→ **Aim of the exercise**:
Find the lines of the records in which the word "qbinomSr" appears and report how many there are, as a number alone.
Recorded information Start Marker
(* Let $a,b,q$ be parameters (complex numbers or indeterminates) such that none of the denominators below vanishes, and put $c(n,a,b,q)=\frac{(b;q)_n}{(a;q)_n}$. Define, for $n\ge 0$, $$T(2n)=\frac{q^n(1-q^nb)(1-q^{n-1}a)}{(1-q^{2n-1}a)(1-q^{2n}a)},\qquad T(2n+1)=\frac{q^n(1-q^{n+1})(b-q^na)}{(1-q^{2n+1}a)(1-q^{2n}a)},$$ and define numbers $A(n,k)$ for integers $n\ge 0$ and all integers $k$ by $$A(2n,2k)=\begin{bmatrix} n\\ k\end{bmatrix} c(n-k,q^{2k}a,q^kb,q),\qquad A(2n+1,2k+1)=\begin{bmatrix} n\\ k\end{bmatrix} c(n-k,q^{2k+1}a,q^{k+1}b,q),$$ and $A(n,k)=0$ whenever $n-k$ is odd. Then $$A(0,k)=[k=0],\qquad A(n,0)=T(0)A(n-1,1)\ (n\ge1),\qquad A(n,k)=A(n-1,k-1)+T(k)A(n-1,k+1)\ (n\ge1,\ k\ge1).$$
   Context: Notation: $(x;q)_n=\prod_{j=0}^{n-1}(1-q^jx)$; $\begin{bmatrix} n\\ k\end{bmatrix}=\frac{(q;q)_n}{(q;q)_k(q;q)_{n-k}}$ for $0\le k\le n$ and $\begin{bmatrix} n\\ k\end{bmatrix}=0$ for $k<0$ or $k>n$. $[P]$ denotes $1$ if $P$ is true and $0$ otherwise. (At $n=0$ the factor $1-q^{-1}a$ cancels, so $T(0)=\frac{1-b}{1-a}$.) *)

From mathcomp Require Import all_boot all_order all_algebra.
Set Implicit Arguments. Unset Strict Implicit. Unset Printing Implicit Defensive.
Import Order.TTheory GRing.Theory Num.Theory.
Local Open Scope ring_scope.

Definition qpoch (F : fieldType) (x q : F) (n : nat) : F :=
  \prod_(j < n) (1 - q ^+ j * x).

Definition qbinom (F : fieldType) (q : F) (n k : nat) : F :=
  if (k <= n)%N then qpoch q q n / (qpoch q q k * qpoch q q (n - k)) else 0.

Definition cfun (F : fieldType) (n : nat) (a b q : F) : F :=
  qpoch b q n / qpoch a q n.

(* T(k); T(0) = (1-b)/(1-a) after cancelling the factor 1 - q^{-1} a *)
Definition Tfun (F : fieldType) (a b q : F) (k : nat) : F :=
  if k == 0%N then (1 - b) / (1 - a)
  else if odd k then
    let n := k./2 in
    q ^+ n * (1 - q ^+ n.+1) * (b - q ^+ n * a) /
      ((1 - q ^+ (n.*2.+1) * a) * (1 - q ^+ (n.*2) * a))
  else
    let n := k./2 in
    q ^+ n * (1 - q ^+ n * b) * (1 - q ^+ n.-1 * a) /
      ((1 - q ^+ (n.*2).-1 * a) * (1 - q ^+ (n.*2) * a)).

(* A(2m,2j)   = [m j] c(m-j, q^{2j} a, q^j b, q)
   A(2m+1,2j+1) = [m j] c(m-j, q^{2j+1} a, q^{j+1} b, q)
   A(n,k) = 0 if n-k odd; negative k gives 0 (Gaussian binomial vanishes). *)
Definition Afun (F : fieldType) (a b q : F) (n : nat) (k : int) : F :=
  match k with
  | Negz _ => 0
  | Posz k =>
      if odd (n + k) then 0
      else if odd n then
        qbinom q n./2 k./2 * cfun (n./2 - k./2) (q ^+ k * a) (q ^+ (k./2).+1 * b) q
      else
        qbinom q n./2 k./2 * cfun (n./2 - k./2) (q ^+ k * a) (q ^+ (k./2) * b) q
  end.

From mathcomp Require Import all_boot all_order all_algebra.
From mathcomp Require Import ring.
Import Order.TTheory GRing.Theory Num.Theory.
Local Open Scope ring_scope.

(* A(n,k) vanishes unless n and k have the same parity, so only the rows
   A(2n+1, 2j+1) and A(2n+2, 2j+2) carry content.  In each recurrence the
   Gaussian binomials are all expressed through [n j] by their ratios, and
   the quotients c(.) through a single one by peeling off one factor of a
   q-Pochhammer symbol, either at the front or at the back.  What remains is
   an identity of rational functions in q, q^j, q^(n-j), q^(2j) a and q^j b. *)

Section QPochhammer.

Variables (F : fieldType) (q : F).

Lemma qpochS x n : qpoch x q n.+1 = qpoch x q n * (1 - q ^+ n * x).
Proof. by rewrite /qpoch big_ord_recr. Qed.

Lemma qpochSl x n : qpoch x q n.+1 = (1 - x) * qpoch (q * x) q n.
Proof.
rewrite /qpoch big_ord_recl expr0 mul1r; congr (_ * _).
by apply: eq_bigr => i _; rewrite /= exprS mulrCA mulrA.
Qed.

Lemma cfun0 x y : cfun 0 x y q = 1.
Proof. by rewrite /cfun /qpoch !big_ord0 divr1. Qed.

Lemma cfunS x y n :
  cfun n.+1 x y q = cfun n x y q * ((1 - q ^+ n * y) / (1 - q ^+ n * x)).
Proof. by rewrite /cfun !qpochS invfM mulrACA. Qed.

Lemma cfunSl x y n :
  cfun n.+1 x y q = (1 - y) / (1 - x) * cfun n (q * x) (q * y) q.
Proof. by rewrite /cfun !qpochSl invfM mulrACA. Qed.

Lemma cfun_shift x y n : 1 - q ^+ n * x != 0 ->
  cfun n x y q = (1 - q ^+ n * x) / (1 - x) * cfun n (q * x) y q.
Proof.
move=> hxn; rewrite /cfun.
have hP : qpoch x q n * (1 - q ^+ n * x) = (1 - x) * qpoch (q * x) q n.
  by rewrite -qpochS qpochSl.
have -> : (qpoch x q n)^-1 =
          (1 - q ^+ n * x) * ((1 - x) * qpoch (q * x) q n)^-1.
  by rewrite -hP invfM mulrCA mulfV ?mulr1.
by rewrite invfM; ring.
Qed.

Lemma qbinom_gt n k : (n < k)%N -> qbinom q n k = 0.
Proof. by rewrite /qbinom ltnNge => /negbTE ->. Qed.

Lemma qbinomSS n k :
  qbinom q n.+1 k.+1 = qbinom q n k * (1 - q ^+ n.+1) / (1 - q ^+ k.+1).
Proof.
rewrite /qbinom ltnS subSS; case: leqP => _; last by rewrite !mul0r.
by rewrite !qpochS -!exprSr !invfM; ring.
Qed.

Hypothesis hq : forall m : nat, 1 - q ^+ m.+1 != 0.

Lemma qpoch_q_neq0 n : qpoch q q n != 0.
Proof. by apply/prodf_neq0 => i _; rewrite -exprSr. Qed.

Lemma qbinom_n0 n : qbinom q n 0 = 1.
Proof. by rewrite /qbinom subn0 /qpoch big_ord0 mul1r divff // qpoch_q_neq0. Qed.

(* Valid for all [k]: when [n <= k] both sides vanish, the right one because
   the truncated difference [n - k] is 0. *)
Lemma qbinomSr n k :
  qbinom q n k.+1 = qbinom q n k * (1 - q ^+ (n - k)) / (1 - q ^+ k.+1).
Proof.
rewrite /qbinom; case: (ltnP k n) => [ltkn|lenk]; last first.
  by move/eqP: lenk => ->; rewrite expr0 subrr mulr0 mul0r.
rewrite (ltnW ltkn) -(subnSK ltkn) !qpochS -!exprSr.
by field; rewrite !hq !qpoch_q_neq0.
Qed.

End QPochhammer.

Section Recurrence.

Variables (F : fieldType) (a b q : F).

Lemma Afun_odd n k : odd (n + k) -> Afun a b q n (Posz k) = 0.
Proof. by rewrite /Afun => ->. Qed.

Lemma Afun_double n j :
  Afun a b q n.*2 (Posz j.*2) =
  qbinom q n j * cfun (n - j) (q ^+ j.*2 * a) (q ^+ j * b) q.
Proof. by rewrite /Afun -doubleD !odd_double !doubleK. Qed.

Lemma Afun_doubleS n j :
  Afun a b q n.*2.+1 (Posz j.*2.+1) =
  qbinom q n j * cfun (n - j) (q ^+ j.*2.+1 * a) (q ^+ j.+1 * b) q.
Proof.
by rewrite /Afun addSn addnS -doubleD /= !odd_double /= !uphalf_double.
Qed.

Lemma Tfun_doubleS j :
  Tfun a b q j.*2.+1 = (1 - q ^+ j.+1) * (q ^+ j * b - q ^+ j.*2 * a) /
    ((1 - q ^+ j.*2 * a) * (1 - q ^+ j.*2.+1 * a)).
Proof.
by rewrite /Tfun /= odd_double /= uphalf_double -addnn exprD !invfM; ring.
Qed.

Lemma Tfun_double j :
  Tfun a b q (j.+1).*2 = (1 - q ^+ j.+1 * b) * (q ^+ j.+1 - q ^+ j.*2.+1 * a) /
    ((1 - q ^+ j.*2.+1 * a) * (1 - q ^+ (j.+1).*2 * a)).
Proof.
by rewrite /Tfun /= odd_double /= doubleK -addnn -addSn exprD !invfM; ring.
Qed.

Hypotheses (ha : forall m : nat, 1 - q ^+ m * a != 0)
           (hq : forall m : nat, 1 - q ^+ m.+1 != 0).

Lemma Afun_rec_odd n j :
  Afun a b q n.*2.+1 (Posz j.*2.+1) =
  Afun a b q n.*2 (Posz j.*2) +
  Tfun a b q j.*2.+1 * Afun a b q n.*2 (Posz (j.+1).*2).
Proof.
rewrite Afun_doubleS !Afun_double Tfun_doubleS qbinomSr // subnS.
rewrite doubleS !exprS -!mulrA.
set x := (q ^+ j.*2 * a)%R; set y := (q ^+ j * b)%R.
have hx i : 1 - q ^+ i * x != 0 by rewrite mulrA -exprD.
have := hx 0%N; have := hx 1%N; rewrite expr0 expr1 !mul1r => hqx hx0.
have hqj : 1 - q * q ^+ j != 0 by rewrite -exprS.
case: (n - j)%N => [|m] /=.
  by rewrite !cfun0 expr0 subrr !(mul0r, mulr0) addr0.
rewrite cfunS cfunSl cfun_shift; last by rewrite mulrA -exprSr.
move: (cfun m _ _ q) (qbinom q n j) => C P; rewrite exprS.
by field; rewrite hqj hqx hx0 mulrA -exprSr hx.
Qed.

Lemma Afun_rec_even n j :
  Afun a b q (n.+1).*2 (Posz (j.+1).*2) =
  Afun a b q n.*2.+1 (Posz j.*2.+1) +
  Tfun a b q (j.+1).*2 * Afun a b q n.*2.+1 (Posz (j.+1).*2.+1).
Proof.
rewrite Afun_double !Afun_doubleS Tfun_double subSS qbinomSS qbinomSr // subnS.
case: (ltnP n j) => [ltnj|/subnK <-].
  by rewrite qbinom_gt // !(mul0r, mulr0) addr0.
move: (n - j)%N => m; rewrite addnK.
rewrite doubleS !exprS -!mulrA.
set x := (q * (q ^+ j.*2 * a))%R; set y := (q * (q ^+ j * b))%R.
have hx i : 1 - q ^+ i * x != 0 by rewrite mulrA -exprSr mulrA -exprD.
have := hx 0%N; have := hx 1%N; rewrite expr0 expr1 !mul1r => hqx hx0.
have hqj : 1 - q * q ^+ j != 0 by rewrite -exprS.
case: m => [|m] /=.
  by rewrite !cfun0 expr0 subrr add0n !(mul0r, mulr0) addr0 !mulr1 mulfV ?mulr1.
rewrite [cfun _ x y q]cfun_shift // !cfunSl.
move: (cfun m _ _ q) (qbinom q _ j) => C P; rewrite exprD !exprS.
by field; rewrite hqj hqx hx0.
Qed.

Lemma Afun_rec_zero n :
  Afun a b q (n.+1).*2 0 = Tfun a b q 0 * Afun a b q n.*2.+1 1.
Proof.
rewrite (Afun_double n.+1 0) (Afun_doubleS n 0) !qbinom_n0 // !subn0 !mul1r.
by rewrite !expr1 cfunSl.
Qed.

Lemma Afun_row0 k : Afun a b q 0 k = (k == 0)%:R.
Proof.
case: k => [k|k] //; rewrite -(odd_double_half k).
case: (odd k); first by rewrite Afun_odd //= odd_double.
rewrite add0n (Afun_double 0 k./2) cfun0 mulr1.
by case: k./2 => [|j]; rewrite ?qbinom_n0 ?qbinom_gt.
Qed.

End Recurrence.

Lemma double_or_doubleS n : (exists m, n = m.*2) \/ (exists m, n = m.*2.+1).
Proof.
by rewrite -(odd_double_half n); case: (odd n); [right | left]; exists n./2.
Qed.

Theorem theorem1 (F : fieldType) (a b q : F)
  (ha : forall m : nat, 1 - q ^+ m * a != 0)
  (hq : forall m : nat, 1 - q ^+ m.+1 != 0) :
  (forall k : int, Afun a b q 0 k = (k == 0)%:R) /\
  (forall n : nat, Afun a b q n.+1 0 = Tfun a b q 0 * Afun a b q n 1) /\
  (forall (n k : nat), (1 <= k)%N ->
     Afun a b q n.+1 (Posz k) =
       Afun a b q n (Posz k.-1) + Tfun a b q k * Afun a b q n (Posz k.+1)).
Proof.
split; [exact: Afun_row0 | split].
  move=> n; case: (double_or_doubleS n) => [[m ->]|[m ->]].
    by rewrite !Afun_odd ?mulr0 //= ?addn0 ?addn1 /= ?odd_double.
  exact: Afun_rec_zero.
move=> n [|k] // _; rewrite succnK.
case: (double_or_doubleS n) => [[m ->]|[m ->]];
  case: (double_or_doubleS k) => [[j ->]|[j ->]].
- exact: Afun_rec_odd.
- by rewrite !Afun_odd ?mulr0 ?addr0 //= ?addnS ?addSn /= ?oddD ?odd_double.
- by rewrite !Afun_odd ?mulr0 ?addr0 //= ?addnS ?addSn /= ?oddD ?odd_double.
- exact: Afun_rec_even.
Qed.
Recorded information End Marker
→ **Your solution**:
3